Midrange stocks a multi-million dollar inventory of data cartridges.
This is a small sampling . Please call to investigate your particular need
and brand. Shipping done same day. Another value-added feature from
Midrange is the printing and labeling of your cartridges for easy storage
and retrieval by your library.

Ask Midrange about its tape conversion services!

What Midrange requires to Convert Your Files?

 

  1. The type of media.
  2. The density or mode the tape is recorded in.
  3. The computer and operating system the tape is from.
  4. The method or program used to write the tape.
  5. The type of file(s).
  6. The record layout(s).
   
   Each of these is briefly discussed below.
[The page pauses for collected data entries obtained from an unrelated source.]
Lemma card_cross_merge (f : X -> B) (h : B -> B) (TT : {set {set X}}) k1 k2 c :
  pair_set TT -> h k1 = h k2 -> k1 != k2 -> c != k1 -> c != k2 ->
  [set k1; k2] \in cross f TT -> [set k1; c] \in cross f TT ->
  [set k2; c] \in cross f TT ->
  #|cross (fun x => h (f x)) TT| + 2 <= #|cross f TT|.
Proof.
(* Each pair of blocks joined after merging comes from one joined before, other
   than {k1, k2}; and {k1, c}, {k2, c} give the same one. *)
move=> pairT hk k12 ck1 ck2 Q0E Q1E Q2E.
set D := cross f TT :\ [set k1; k2].
pose H (Q : {set B}) := h @: Q.
have HQ0 : #|H [set k1; k2]| = 1 by rewrite /H imsetU1 imset_set1 hk setUid cards1.
have sub : cross (fun x => h (f x)) TT \subset H @: D.
  apply/subsetP=> Y; rewrite inE => /andP[/imsetP[S ST ->] /eqP hS2].
  have Hf : [set h (f x) | x in S] = H (f @: S) by rewrite /H -imset_comp.
  have fS2 : #|f @: S| = 2.
    apply/eqP; rewrite eqn_leq -{1}(pairT _ ST) leq_imset_card /=.
    by rewrite -{1}hS2 Hf leq_imset_card.
  apply/imsetP; exists (f @: S) => //; rewrite !inE; apply/andP; split.
    by apply: contra_eqN hS2 => /eqP fSQ0; rewrite Hf fSQ0 HQ0.
  by rewrite fS2 andbT; apply/imsetP; exists S.
have neq_c (Q : {set B}) : c \in Q -> Q != [set k1; k2].
  by move=> cQ; apply: contraTneq cQ => ->; rewrite !inE negb_or ck1.
have Q1D : [set k1; c] \in D by rewrite in_setD1 Q1E andbT neq_c // !inE eqxx orbT.
have Q2D : [set k2; c] \in D by rewrite in_setD1 Q2E andbT neq_c // !inE eqxx orbT.
have Q12 : [set k1; c] != [set k2; c].
  by apply: contraTneq (set21 k1 c) => ->; rewrite !inE negb_or (negbTE k12) eq_sym (negbTE ck1).
have HQ12 : H [set k1; c] = H [set k2; c] by rewrite /H !imsetU1 hk.
rewrite (cardsD1 [set k1; k2] (cross f TT)) Q0E -/D add1n addn2 ltnS.
exact: leq_ltn_trans (subset_leq_card sub) (ltn_imset_card Q1D Q2D Q12 HQ12).
Qed.

End MergeBlocks.

Section PhyloTree.
Variables (X V : finType) (e : rel V) (l : X -> V).
Hypotheses (esym : symmetric e) (eirr : irreflexive e).
Hypotheses (econn : connected e) (eacyc : acyclic e) (l_inj : injective l).
Hypothesis leaf_deg : forall v, degree e v = 1 <-> exists x, l x = v.
Hypothesis inner_deg : forall v, (forall x, l x != v) -> degree e v = 3.
Hypothesis X_ge3 : 3 <= #|X|.

Definition inner := [set v | [forall x, l x != v]].
Definition avoid (A : {set V}) : rel V := fun x y => [&& e x y, x \notin A & y \notin A].
Definition induced (A : {set V}) : rel V := fun x y => [&& e x y, x \in A & y \in A].
Definition connected_in (A : {set V}) := {in A &, forall u w, connect (induced A) u w}.
Definition peripheral (A : {set V}) v n :=
  [/\ v \in A, n \in A, e v n & forall u, u \in A -> e v u -> u = n].
Definition other_nbrs v n n1 n2 :=
  [/\ [/\ n1 != n2, n1 != n & n2 != n], e v n1, e v n2 &
      forall w, e v w -> [\/ w = n, w = n1 | w = n2]].

Local Notation rv v := (remove_vertex e v).

Lemma innerP v : reflect (interior l v) (v \in inner).
Proof. by rewrite inE; apply: forallP. Qed.

Lemma inner_neq v x : v \in inner -> l x != v.
Proof. by move/innerP. Qed.
(* Let $G$ be a Frobenius group whose Frobenius kernel $N$ is elementary abelian of order $p^2$ ($p$ prime) and whose Frobenius complement $C$ has prime order $q$. Then: (1) if $q\nmid p-1$, then $G\in\mathcal{D}_{\frac{p+1}{q}+1}$; (2) if $q\mid p-1$, then either $G\in\mathcal{D}_{p+2}$ (and this always happens when $q=2$) or $G\in\mathcal{D}_{\frac{p-1}{q}+3}$.
   Context: $\mathcal{D}(G)$ denotes the number of conjugacy classes of nontrivial subgroups $H$ of the finite group $G$ with $N_G(H)\neq H$; $\mathcal{D}_n$ is the family of finite groups $G$ with $\mathcal{D}(G)=n$. *)

From mathcomp Require Import all_boot all_fingroup all_solvable.
Set Implicit Arguments. Unset Strict Implicit. Unset Printing Implicit Defensive.
Local Open Scope group_scope.

Definition nonselfnorm_subgroups (gT : finGroupType) (G : {set gT}) : {set {set gT}} :=
  [set H : {set gT} | [&& group_set H, H \subset G, H != 1 & 'N_G(H) != H]].

Definition Dcount (gT : finGroupType) (G : {set gT}) : nat :=
  #|[set H :^: G | H in nonselfnorm_subgroups G]|.

(* Let S be the set of nontrivial subgroups of G that are not self-normalizing.
   A subgroup H of G not contained in N is self-normalizing: commutation with an
   element y of H outside N is injective on N, so it permutes H :&: N, and any n
   in N normalizing H has [~ y, n] in H :&: N, hence n in H.  So S consists of N
   and its p + 1 subgroups of order p.  In Burnside's count for G acting on S by
   conjugation, elements of N fix all of S and every element outside N generates
   G with N, so it fixes exactly the F members of S normal in G:
   D(G) * q = (p + 2) + (q - 1) * F.
   A normal subgroup X of order p gives a Frobenius group X ><| C, so q | p - 1;
   an involution inverts the abelian kernel; an element normalizing three
   subgroups of order p of N acts on N as a scalar.  Hence F = 1 if q does not
   divide p - 1, F = p + 2 if q = 2, and otherwise F is 3 or p + 2, the values 1
   and 2 being ruled out by divisibility. *)

From mathcomp Require Import all_boot all_fingroup all_solvable zify.
Set Implicit Arguments. Unset Strict Implicit. Unset Printing Implicit Defensive.
Local Open Scope group_scope.

Definition nonselfnorm_normals (gT : finGroupType) (G : {set gT}) : {set {set gT}} :=
  [set X in nonselfnorm_subgroups G | G \subset 'N(X)].

Lemma acts_nonselfnorm_subgroups (gT : finGroupType) (G : {group gT}) :
  [acts G, on nonselfnorm_subgroups G | 'Js].
Proof.
apply/actsP=> g Gg X; rewrite !inE /= group_setJ conjsg_eq1.
rewrite sub_conjg (conjGid (groupVr Gg)).
by rewrite -{2}(conjGid Gg) normJ -conjIg (inj_eq (@conjsg_inj _ g)).
Qed.

Lemma pow_cycle_norm (gT : finGroupType) (X : {group gT}) c :
  {in X, forall x, x ^ c \in <[x]>} -> c \in 'N(X).
Proof.
move=> Xc; apply/normP/eqP; rewrite eqEcard cardJg leqnn andbT.
apply/subsetP=> _ /imsetP[x Xx ->].
by apply: subsetP (Xc x Xx); rewrite cycle_subG.
Qed.

Lemma conj_cycle_expg (gT : finGroupType) (a c : gT) k :
  a ^ c = a ^+ k -> {in <[a]>, forall v, v ^ c = v ^+ k}.
Proof. by move=> eac _ /cycleP[i ->]; rewrite conjXg eac -!expgM mulnC. Qed.

Lemma norm_cycle_conj_expg (gT : finGroupType) (a c : gT) :
  c \in 'N(<[a]>) -> exists k, a ^ c = a ^+ k.
Proof. by move=> nac; apply/cycleP; rewrite memJ_norm ?cycle_id. Qed.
We will need to know this information for both the computer you are converting from, and the one you are converting to. We have chosen to keep this discussion brief, so the issues are abbreviated, and of necessity, incomplete.
   
    The type of media
    Obviously we need to know the type of tape or disk. We seldom care about the brand; just the type. If you are not sure what you have, see Identifying Media.
   
    Recording density or mode
    Some tapes can be recorded in many densities or modes, including different numbers of tracks. We need to match the density and number of tracks before reading the tape. We can generally figure this out by inspection when reading a source tape (the tape you are trying to convert from), but you should tell us which density you want us to write if we are writing a destination tape.
   
    The computer and operating system the tape is from
    The operating system dictates both the content of the files and how they are written to tape. This is critical information. However, in the case of some standard tape formats, like mainframe tapes, we don't need to know the operating system if we know the standard format used (#4 below). This is sometimes true of UNIX tar and cpio tapes as well.
   
    The method or program used to write the tape
    Each operating system has several ways to write a tape. In some cases, such as mainframes, minis and UNIX, the tape software is part of the operating system, so if we know the operating system and the tape utility used, we generally know the format. If you have a mainframe tape, we only need to know that information, not the exact OS version.
   
    In other cases, especially MSDOS, Windows, and NT, the tape software, and therefore the tape format, is often a third-party product. Each of these third party products writes a different format, so we need to use the same product to read or write the tape. Many products are not even compatible between different versions of the same product, so please try to get the version, too.
   
    The type of files
    Midrange converts many different types of files, and the issues are different for each. We need to determine the type of file on the source media, which we can sometimes do by inspection, and you will need to tell us what file type you want back.
   
    The record layout
    (If these are database files.) If Midrange will be converting any binary numeric fields we will need the record layout to write the conversion program. If we are only doing an EBCDIC to ASCII conversion of all character fields we only need the record length, although sending a layout is still encouraged so we can more thoroughly check the data.
   
   In some cases we can determine much of this information by inspection, but it's still best to get as much information as you reasonably can.